═════ Data listing

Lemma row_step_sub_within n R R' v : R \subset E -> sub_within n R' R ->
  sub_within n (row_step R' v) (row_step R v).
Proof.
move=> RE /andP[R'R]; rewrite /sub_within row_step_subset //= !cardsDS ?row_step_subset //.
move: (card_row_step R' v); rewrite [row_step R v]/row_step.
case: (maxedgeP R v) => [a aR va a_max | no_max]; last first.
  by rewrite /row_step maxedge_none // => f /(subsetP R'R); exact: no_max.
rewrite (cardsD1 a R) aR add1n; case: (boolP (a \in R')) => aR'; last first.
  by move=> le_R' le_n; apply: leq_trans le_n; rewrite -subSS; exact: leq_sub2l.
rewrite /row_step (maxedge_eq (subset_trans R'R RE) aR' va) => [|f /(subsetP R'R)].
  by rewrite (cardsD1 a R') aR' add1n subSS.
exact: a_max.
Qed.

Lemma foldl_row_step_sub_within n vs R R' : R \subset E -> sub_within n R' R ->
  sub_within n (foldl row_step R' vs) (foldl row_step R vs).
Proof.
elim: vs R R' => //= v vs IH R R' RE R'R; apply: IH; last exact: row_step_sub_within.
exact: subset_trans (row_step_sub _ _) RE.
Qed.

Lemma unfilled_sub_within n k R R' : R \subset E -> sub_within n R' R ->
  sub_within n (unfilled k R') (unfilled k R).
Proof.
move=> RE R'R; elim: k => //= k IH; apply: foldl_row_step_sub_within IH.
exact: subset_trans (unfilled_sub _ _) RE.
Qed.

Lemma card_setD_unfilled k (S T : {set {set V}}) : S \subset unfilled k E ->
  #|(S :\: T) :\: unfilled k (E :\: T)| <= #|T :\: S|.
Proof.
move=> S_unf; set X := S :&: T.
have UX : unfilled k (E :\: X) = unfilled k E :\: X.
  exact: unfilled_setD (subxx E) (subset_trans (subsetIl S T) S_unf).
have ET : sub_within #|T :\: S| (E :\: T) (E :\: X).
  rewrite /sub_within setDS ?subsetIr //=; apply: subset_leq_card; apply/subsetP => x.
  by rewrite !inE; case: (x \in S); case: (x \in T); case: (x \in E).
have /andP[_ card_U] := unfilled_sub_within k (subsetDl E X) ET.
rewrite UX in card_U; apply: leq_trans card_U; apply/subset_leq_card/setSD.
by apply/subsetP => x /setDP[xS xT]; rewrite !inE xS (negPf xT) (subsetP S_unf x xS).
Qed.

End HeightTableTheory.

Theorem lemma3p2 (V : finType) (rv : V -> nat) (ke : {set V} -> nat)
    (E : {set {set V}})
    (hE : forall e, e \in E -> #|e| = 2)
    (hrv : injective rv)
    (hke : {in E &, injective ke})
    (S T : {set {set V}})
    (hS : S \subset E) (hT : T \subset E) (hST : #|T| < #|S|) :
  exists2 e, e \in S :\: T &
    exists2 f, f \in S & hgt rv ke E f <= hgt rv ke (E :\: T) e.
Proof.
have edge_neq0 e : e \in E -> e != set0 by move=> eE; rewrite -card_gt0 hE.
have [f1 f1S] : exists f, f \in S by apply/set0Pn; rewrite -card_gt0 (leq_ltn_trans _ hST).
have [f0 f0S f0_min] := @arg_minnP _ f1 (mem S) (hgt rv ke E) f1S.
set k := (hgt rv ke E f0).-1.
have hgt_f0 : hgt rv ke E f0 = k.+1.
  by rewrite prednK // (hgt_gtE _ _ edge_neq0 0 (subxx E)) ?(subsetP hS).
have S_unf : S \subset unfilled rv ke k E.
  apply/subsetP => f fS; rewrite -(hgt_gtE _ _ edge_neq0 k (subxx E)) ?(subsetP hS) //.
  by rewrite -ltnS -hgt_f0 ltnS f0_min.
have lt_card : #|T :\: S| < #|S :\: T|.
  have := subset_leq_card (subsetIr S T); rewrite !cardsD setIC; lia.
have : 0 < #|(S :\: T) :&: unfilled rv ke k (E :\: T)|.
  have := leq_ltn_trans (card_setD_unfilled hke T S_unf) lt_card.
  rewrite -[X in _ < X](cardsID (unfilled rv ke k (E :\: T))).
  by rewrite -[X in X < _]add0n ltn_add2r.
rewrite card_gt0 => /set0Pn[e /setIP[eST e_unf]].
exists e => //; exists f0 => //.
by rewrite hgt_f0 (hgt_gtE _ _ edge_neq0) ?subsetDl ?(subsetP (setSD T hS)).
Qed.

══════════
═════ Data listing

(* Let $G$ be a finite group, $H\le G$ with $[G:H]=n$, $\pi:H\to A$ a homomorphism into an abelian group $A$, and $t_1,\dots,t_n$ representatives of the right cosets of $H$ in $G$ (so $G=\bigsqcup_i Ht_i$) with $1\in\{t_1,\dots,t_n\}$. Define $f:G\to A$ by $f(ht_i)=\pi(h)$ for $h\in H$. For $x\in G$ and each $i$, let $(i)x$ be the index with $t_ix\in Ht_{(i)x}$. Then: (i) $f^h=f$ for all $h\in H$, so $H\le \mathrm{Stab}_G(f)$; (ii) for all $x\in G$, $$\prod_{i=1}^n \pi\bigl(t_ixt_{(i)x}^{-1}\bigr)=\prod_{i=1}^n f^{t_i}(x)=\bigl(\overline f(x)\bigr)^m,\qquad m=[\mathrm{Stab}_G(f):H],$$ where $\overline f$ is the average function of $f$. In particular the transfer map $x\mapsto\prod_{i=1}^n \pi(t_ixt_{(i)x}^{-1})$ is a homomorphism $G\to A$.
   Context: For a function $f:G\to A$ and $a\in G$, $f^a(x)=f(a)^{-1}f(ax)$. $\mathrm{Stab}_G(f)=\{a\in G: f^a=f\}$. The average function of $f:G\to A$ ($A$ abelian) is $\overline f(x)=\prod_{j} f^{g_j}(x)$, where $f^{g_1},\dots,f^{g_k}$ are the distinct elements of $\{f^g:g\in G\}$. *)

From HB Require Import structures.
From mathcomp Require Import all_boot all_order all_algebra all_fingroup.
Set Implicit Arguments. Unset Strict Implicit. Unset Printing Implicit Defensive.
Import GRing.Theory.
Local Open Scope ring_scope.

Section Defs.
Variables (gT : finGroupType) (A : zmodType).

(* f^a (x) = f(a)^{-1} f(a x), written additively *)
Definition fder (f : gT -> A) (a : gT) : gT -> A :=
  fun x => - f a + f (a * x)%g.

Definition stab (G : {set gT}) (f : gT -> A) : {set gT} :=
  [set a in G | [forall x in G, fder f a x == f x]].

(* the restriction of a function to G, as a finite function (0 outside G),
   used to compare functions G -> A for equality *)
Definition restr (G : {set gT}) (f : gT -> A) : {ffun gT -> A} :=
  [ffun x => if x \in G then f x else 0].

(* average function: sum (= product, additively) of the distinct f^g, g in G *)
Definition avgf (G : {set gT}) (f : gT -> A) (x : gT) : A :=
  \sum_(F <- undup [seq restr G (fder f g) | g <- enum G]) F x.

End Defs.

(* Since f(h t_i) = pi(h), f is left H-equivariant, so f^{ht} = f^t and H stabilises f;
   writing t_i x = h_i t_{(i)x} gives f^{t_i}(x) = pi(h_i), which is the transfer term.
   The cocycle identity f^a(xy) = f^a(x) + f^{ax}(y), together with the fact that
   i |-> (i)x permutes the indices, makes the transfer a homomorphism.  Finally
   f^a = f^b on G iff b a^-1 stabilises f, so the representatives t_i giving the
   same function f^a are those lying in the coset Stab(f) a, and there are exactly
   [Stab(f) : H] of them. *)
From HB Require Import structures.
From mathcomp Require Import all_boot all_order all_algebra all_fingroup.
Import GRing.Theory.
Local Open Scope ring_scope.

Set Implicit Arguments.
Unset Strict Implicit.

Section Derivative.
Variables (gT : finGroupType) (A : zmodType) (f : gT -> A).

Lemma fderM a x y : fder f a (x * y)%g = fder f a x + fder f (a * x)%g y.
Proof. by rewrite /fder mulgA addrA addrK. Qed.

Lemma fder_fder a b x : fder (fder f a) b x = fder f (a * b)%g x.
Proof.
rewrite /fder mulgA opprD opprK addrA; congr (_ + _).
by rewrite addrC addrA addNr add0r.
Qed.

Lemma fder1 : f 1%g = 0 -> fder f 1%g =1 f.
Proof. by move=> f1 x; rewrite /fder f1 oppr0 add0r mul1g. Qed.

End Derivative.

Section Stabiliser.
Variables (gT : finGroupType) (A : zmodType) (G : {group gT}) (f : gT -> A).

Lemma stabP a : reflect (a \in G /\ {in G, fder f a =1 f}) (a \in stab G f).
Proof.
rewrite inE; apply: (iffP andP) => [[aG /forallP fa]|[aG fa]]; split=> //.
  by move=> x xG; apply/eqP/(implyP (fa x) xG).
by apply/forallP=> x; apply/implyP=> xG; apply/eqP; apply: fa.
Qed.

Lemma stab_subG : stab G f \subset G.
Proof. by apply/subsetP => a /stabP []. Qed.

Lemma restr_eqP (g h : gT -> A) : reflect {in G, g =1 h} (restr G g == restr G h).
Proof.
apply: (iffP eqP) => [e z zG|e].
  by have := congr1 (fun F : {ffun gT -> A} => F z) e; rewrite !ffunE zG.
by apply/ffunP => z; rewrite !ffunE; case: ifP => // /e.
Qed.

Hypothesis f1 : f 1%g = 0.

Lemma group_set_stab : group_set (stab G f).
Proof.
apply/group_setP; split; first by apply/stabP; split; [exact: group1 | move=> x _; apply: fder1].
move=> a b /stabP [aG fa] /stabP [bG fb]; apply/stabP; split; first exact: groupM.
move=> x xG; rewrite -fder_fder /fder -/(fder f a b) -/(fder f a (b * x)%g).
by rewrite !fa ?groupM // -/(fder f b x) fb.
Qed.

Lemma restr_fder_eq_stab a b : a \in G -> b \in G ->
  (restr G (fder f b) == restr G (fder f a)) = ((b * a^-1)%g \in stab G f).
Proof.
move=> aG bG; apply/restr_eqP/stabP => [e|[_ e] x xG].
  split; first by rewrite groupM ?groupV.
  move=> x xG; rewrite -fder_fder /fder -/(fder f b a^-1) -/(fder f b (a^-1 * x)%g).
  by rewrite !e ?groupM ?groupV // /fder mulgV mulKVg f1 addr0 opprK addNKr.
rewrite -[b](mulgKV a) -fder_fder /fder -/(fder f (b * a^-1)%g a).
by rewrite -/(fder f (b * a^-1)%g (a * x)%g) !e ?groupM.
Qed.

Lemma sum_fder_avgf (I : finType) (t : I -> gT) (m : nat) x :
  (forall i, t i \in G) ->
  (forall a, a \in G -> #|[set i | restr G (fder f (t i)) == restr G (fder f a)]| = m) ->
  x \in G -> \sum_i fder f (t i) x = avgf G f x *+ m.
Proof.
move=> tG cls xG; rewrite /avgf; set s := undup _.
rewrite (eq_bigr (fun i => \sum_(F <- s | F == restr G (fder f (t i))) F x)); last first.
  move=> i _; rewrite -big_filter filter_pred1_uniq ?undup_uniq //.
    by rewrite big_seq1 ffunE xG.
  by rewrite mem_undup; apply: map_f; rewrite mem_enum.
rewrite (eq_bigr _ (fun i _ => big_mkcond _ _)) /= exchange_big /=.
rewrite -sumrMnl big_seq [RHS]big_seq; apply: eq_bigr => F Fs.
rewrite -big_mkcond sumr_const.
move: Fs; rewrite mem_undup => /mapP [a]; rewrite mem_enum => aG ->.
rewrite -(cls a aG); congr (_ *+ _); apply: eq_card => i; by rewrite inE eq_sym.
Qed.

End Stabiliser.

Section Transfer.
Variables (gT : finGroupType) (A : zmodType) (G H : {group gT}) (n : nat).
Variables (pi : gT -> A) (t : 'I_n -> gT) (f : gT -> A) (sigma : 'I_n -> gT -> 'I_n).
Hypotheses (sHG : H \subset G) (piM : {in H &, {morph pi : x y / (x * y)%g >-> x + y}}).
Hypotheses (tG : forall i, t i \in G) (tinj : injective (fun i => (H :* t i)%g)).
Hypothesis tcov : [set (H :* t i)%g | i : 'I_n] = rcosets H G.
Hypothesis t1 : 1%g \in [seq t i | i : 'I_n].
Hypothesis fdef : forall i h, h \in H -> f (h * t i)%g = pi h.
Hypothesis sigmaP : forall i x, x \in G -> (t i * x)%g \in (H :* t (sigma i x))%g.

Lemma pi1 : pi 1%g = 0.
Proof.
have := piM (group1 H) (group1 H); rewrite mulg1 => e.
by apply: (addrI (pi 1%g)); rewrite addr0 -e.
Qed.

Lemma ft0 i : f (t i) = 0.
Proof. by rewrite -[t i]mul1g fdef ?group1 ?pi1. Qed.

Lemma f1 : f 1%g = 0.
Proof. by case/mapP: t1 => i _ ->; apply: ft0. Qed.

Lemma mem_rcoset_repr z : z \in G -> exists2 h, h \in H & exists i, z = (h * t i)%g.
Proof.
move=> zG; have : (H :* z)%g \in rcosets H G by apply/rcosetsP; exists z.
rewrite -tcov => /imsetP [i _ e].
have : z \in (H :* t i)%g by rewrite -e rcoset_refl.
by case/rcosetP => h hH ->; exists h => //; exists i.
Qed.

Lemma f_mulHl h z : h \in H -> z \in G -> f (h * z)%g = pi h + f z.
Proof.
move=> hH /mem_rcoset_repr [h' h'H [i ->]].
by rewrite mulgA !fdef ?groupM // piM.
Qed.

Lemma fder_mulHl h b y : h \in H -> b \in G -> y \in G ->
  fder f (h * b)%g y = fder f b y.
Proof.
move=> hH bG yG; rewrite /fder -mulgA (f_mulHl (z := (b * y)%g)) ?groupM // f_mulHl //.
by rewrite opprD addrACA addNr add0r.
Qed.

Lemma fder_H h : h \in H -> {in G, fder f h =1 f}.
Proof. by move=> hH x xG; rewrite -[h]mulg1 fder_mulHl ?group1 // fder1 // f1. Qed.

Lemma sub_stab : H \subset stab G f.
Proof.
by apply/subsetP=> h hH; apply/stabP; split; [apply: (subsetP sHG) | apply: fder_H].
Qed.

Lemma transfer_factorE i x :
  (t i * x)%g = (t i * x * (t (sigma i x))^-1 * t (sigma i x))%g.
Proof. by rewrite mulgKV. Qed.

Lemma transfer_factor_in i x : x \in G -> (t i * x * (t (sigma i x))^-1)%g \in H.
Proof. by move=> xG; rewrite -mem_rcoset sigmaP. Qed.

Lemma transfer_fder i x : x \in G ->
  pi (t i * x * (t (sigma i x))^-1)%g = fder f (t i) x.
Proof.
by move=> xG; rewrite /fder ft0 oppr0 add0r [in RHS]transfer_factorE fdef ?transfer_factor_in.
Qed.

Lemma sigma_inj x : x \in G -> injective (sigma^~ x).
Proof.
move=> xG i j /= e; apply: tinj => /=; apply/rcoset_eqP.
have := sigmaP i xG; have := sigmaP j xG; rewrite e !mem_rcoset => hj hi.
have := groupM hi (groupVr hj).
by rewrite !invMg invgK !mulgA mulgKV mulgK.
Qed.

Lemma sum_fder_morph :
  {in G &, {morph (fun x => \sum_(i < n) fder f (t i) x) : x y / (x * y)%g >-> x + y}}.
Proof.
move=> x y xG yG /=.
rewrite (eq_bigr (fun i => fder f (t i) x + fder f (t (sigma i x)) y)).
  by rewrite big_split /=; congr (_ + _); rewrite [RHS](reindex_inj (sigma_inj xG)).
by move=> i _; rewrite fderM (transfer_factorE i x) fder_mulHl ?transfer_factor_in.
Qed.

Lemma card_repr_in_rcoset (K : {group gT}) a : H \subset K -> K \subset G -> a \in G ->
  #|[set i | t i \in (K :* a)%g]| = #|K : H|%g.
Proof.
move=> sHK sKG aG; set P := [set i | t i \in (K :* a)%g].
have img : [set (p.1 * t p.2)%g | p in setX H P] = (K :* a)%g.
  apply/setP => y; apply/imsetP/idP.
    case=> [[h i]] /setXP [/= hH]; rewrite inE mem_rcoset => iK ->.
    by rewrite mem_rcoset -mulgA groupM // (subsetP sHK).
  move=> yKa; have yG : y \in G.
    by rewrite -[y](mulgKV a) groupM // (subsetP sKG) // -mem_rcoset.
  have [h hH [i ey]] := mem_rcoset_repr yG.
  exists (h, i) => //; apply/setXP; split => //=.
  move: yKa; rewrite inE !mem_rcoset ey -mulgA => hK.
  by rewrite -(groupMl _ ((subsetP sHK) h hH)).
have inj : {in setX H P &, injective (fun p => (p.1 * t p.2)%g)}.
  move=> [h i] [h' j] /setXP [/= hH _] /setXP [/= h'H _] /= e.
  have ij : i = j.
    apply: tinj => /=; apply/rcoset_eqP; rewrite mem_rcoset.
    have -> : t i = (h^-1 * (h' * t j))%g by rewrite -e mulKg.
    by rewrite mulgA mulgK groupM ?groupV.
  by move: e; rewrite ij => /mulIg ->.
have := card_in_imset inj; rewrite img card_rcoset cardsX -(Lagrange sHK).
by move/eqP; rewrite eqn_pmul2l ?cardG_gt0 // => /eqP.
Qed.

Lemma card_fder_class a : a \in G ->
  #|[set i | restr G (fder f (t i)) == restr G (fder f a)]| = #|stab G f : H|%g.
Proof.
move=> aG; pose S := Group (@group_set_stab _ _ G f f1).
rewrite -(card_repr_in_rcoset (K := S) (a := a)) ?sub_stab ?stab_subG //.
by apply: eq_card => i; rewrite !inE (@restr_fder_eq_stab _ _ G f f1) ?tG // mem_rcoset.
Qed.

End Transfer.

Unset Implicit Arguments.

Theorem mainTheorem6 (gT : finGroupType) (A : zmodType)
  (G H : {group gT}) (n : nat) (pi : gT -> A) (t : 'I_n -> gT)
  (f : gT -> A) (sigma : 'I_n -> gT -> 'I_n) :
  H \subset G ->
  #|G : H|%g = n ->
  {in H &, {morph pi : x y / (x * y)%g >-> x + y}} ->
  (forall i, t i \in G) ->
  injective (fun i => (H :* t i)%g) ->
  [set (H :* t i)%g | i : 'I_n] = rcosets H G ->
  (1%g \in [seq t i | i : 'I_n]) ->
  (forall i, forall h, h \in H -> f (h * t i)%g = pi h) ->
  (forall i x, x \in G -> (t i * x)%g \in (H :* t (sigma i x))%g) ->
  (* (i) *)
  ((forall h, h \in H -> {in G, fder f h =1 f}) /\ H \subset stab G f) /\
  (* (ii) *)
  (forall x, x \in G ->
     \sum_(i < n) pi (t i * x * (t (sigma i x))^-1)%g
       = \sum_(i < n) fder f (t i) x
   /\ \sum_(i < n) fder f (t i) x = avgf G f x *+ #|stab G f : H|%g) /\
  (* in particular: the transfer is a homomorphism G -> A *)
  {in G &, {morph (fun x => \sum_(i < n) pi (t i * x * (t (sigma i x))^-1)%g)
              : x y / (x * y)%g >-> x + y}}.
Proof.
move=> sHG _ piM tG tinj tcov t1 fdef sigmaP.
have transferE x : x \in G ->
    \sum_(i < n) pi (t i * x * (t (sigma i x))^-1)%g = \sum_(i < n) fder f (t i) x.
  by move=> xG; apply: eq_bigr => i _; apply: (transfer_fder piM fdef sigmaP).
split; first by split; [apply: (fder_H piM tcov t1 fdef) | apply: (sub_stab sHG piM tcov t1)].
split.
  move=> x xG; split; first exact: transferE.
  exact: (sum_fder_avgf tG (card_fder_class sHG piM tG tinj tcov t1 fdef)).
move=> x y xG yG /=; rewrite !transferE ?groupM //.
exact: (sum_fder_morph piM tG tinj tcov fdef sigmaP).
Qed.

══════════
═════ Data listing

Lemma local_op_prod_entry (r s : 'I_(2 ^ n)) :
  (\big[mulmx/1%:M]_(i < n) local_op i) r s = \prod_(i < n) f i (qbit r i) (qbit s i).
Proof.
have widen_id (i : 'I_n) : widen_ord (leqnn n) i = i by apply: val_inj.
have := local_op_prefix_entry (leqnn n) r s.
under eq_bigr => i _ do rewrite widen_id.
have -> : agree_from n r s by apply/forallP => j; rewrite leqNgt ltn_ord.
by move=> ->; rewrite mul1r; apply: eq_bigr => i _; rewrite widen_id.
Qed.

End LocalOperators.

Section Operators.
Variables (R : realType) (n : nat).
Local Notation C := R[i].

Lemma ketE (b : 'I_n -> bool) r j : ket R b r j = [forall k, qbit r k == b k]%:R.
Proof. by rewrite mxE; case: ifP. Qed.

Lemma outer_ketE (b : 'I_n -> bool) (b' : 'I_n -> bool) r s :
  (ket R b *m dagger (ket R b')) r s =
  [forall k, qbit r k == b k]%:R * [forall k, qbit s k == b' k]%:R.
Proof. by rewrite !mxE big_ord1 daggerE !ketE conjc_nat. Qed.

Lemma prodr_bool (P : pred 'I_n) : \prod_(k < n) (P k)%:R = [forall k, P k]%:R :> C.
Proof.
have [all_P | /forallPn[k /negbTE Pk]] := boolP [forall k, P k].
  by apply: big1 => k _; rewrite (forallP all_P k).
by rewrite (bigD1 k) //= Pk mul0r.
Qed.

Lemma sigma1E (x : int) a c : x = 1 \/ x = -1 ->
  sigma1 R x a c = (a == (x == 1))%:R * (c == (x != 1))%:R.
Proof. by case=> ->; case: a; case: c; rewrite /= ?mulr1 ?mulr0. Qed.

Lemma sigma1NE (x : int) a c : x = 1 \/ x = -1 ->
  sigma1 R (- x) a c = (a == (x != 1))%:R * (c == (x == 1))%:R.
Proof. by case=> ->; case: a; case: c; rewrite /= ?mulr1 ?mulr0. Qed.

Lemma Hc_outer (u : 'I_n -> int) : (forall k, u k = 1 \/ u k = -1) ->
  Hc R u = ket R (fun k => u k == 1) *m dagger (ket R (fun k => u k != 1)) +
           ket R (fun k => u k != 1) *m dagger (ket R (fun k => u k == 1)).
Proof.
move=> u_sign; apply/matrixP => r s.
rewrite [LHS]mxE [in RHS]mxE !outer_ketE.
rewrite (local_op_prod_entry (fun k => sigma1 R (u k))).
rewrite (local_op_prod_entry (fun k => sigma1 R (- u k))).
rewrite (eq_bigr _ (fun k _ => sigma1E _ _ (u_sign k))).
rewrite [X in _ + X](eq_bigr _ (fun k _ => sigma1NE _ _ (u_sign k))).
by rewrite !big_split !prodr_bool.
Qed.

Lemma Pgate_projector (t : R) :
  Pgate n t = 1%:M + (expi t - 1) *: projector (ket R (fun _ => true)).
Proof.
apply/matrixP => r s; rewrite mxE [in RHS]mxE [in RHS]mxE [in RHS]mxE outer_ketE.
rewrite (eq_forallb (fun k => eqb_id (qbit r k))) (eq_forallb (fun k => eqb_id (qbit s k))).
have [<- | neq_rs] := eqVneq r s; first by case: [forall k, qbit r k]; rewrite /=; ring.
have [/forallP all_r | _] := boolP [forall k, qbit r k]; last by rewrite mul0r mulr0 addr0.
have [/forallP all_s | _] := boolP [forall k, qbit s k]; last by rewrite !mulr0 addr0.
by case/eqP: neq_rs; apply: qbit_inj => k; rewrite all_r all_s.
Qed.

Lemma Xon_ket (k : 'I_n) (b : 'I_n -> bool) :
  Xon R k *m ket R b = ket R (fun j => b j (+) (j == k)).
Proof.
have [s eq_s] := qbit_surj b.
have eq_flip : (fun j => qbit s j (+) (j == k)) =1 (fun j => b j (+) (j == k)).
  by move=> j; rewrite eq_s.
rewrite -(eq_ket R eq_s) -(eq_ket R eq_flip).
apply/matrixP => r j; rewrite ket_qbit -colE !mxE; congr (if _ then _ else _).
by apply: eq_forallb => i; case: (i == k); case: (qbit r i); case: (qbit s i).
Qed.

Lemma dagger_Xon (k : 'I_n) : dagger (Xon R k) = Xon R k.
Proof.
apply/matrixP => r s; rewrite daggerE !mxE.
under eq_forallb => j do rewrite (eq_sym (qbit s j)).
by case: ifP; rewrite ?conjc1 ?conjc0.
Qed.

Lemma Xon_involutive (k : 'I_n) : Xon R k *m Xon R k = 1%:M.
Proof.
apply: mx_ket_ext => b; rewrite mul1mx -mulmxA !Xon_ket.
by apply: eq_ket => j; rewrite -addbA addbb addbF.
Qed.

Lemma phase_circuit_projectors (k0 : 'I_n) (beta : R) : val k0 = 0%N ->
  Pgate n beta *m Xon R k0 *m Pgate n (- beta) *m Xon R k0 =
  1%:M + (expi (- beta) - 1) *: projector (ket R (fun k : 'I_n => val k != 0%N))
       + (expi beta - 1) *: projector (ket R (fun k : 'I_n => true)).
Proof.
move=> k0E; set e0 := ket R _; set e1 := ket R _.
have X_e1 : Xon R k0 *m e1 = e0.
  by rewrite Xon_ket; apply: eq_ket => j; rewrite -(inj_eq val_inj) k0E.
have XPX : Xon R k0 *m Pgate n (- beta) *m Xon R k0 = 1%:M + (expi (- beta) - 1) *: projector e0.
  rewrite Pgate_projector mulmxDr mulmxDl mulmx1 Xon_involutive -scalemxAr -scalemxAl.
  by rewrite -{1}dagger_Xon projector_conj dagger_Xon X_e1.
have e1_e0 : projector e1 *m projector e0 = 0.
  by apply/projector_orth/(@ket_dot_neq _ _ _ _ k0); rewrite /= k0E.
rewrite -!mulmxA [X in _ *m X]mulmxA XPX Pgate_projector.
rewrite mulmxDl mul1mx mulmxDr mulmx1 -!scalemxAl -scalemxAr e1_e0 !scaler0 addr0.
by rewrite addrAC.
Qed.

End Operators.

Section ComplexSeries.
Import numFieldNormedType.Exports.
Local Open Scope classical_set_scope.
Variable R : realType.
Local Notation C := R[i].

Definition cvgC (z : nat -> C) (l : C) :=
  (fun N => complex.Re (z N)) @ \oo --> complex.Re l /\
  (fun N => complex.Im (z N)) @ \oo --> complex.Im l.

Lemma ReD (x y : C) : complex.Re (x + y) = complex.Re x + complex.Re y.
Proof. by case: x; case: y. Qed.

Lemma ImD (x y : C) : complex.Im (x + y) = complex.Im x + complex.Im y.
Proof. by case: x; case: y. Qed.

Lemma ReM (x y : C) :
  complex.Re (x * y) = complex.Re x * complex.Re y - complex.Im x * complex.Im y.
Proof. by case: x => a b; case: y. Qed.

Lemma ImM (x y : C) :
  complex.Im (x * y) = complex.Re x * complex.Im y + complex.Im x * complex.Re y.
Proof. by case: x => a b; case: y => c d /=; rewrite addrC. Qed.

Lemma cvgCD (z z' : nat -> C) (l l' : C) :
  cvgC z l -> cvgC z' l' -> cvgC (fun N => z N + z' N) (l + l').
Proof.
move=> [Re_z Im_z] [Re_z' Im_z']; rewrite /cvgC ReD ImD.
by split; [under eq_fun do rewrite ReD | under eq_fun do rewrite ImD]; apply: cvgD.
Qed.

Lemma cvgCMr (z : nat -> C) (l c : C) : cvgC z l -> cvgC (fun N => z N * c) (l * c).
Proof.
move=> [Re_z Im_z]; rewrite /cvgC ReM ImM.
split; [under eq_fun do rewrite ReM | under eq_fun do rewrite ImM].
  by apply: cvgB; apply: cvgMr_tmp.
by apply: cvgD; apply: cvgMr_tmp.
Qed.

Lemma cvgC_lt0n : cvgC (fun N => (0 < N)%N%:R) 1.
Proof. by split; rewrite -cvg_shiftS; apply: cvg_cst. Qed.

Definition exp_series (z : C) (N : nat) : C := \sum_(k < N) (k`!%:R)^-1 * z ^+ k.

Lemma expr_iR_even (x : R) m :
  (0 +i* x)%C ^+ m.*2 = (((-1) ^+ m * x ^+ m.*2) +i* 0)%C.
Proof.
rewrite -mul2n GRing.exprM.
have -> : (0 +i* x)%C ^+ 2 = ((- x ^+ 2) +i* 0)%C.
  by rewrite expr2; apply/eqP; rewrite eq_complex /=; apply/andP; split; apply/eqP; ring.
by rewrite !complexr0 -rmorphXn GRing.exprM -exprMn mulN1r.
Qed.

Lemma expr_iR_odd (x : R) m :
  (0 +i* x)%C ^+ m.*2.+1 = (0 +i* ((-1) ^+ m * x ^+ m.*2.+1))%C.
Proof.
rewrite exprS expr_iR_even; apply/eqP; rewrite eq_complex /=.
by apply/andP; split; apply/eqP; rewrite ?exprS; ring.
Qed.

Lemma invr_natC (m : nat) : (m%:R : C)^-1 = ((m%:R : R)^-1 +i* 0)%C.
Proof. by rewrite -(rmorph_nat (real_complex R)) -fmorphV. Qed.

══════════

Once the line with "by move=> j; rewrite eq_s." is found in the records above, print exactly that line and every line after it through the line with "1%:M + (expi (- beta) - 1) *: projector (ket".

#### [Exercise answer]
  by move=> j; rewrite eq_s.
rewrite -(eq_ket R eq_s) -(eq_ket R eq_flip).
apply/matrixP => r j; rewrite ket_qbit -colE !mxE; congr (if _ then _ else _).
by apply: eq_forallb => i; case: (i == k); case: (qbit r i); case: (qbit s i).
Qed.

Lemma dagger_Xon (k : 'I_n) : dagger (Xon R k) = Xon R k.
Proof.
apply/matrixP => r s; rewrite daggerE !mxE.
under eq_forallb => j do rewrite (eq_sym (qbit s j)).
by case: ifP; rewrite ?conjc1 ?conjc0.
Qed.

Lemma Xon_involutive (k : 'I_n) : Xon R k *m Xon R k = 1%:M.
Proof.
apply: mx_ket_ext => b; rewrite mul1mx -mulmxA !Xon_ket.
by apply: eq_ket => j; rewrite -addbA addbb addbF.
Qed.

Lemma phase_circuit_projectors (k0 : 'I_n) (beta : R) : val k0 = 0%N ->
  Pgate n beta *m Xon R k0 *m Pgate n (- beta) *m Xon R k0 =
  1%:M + (expi (- beta) - 1) *: projector (ket R (fun k : 'I_n => val k != 0%N))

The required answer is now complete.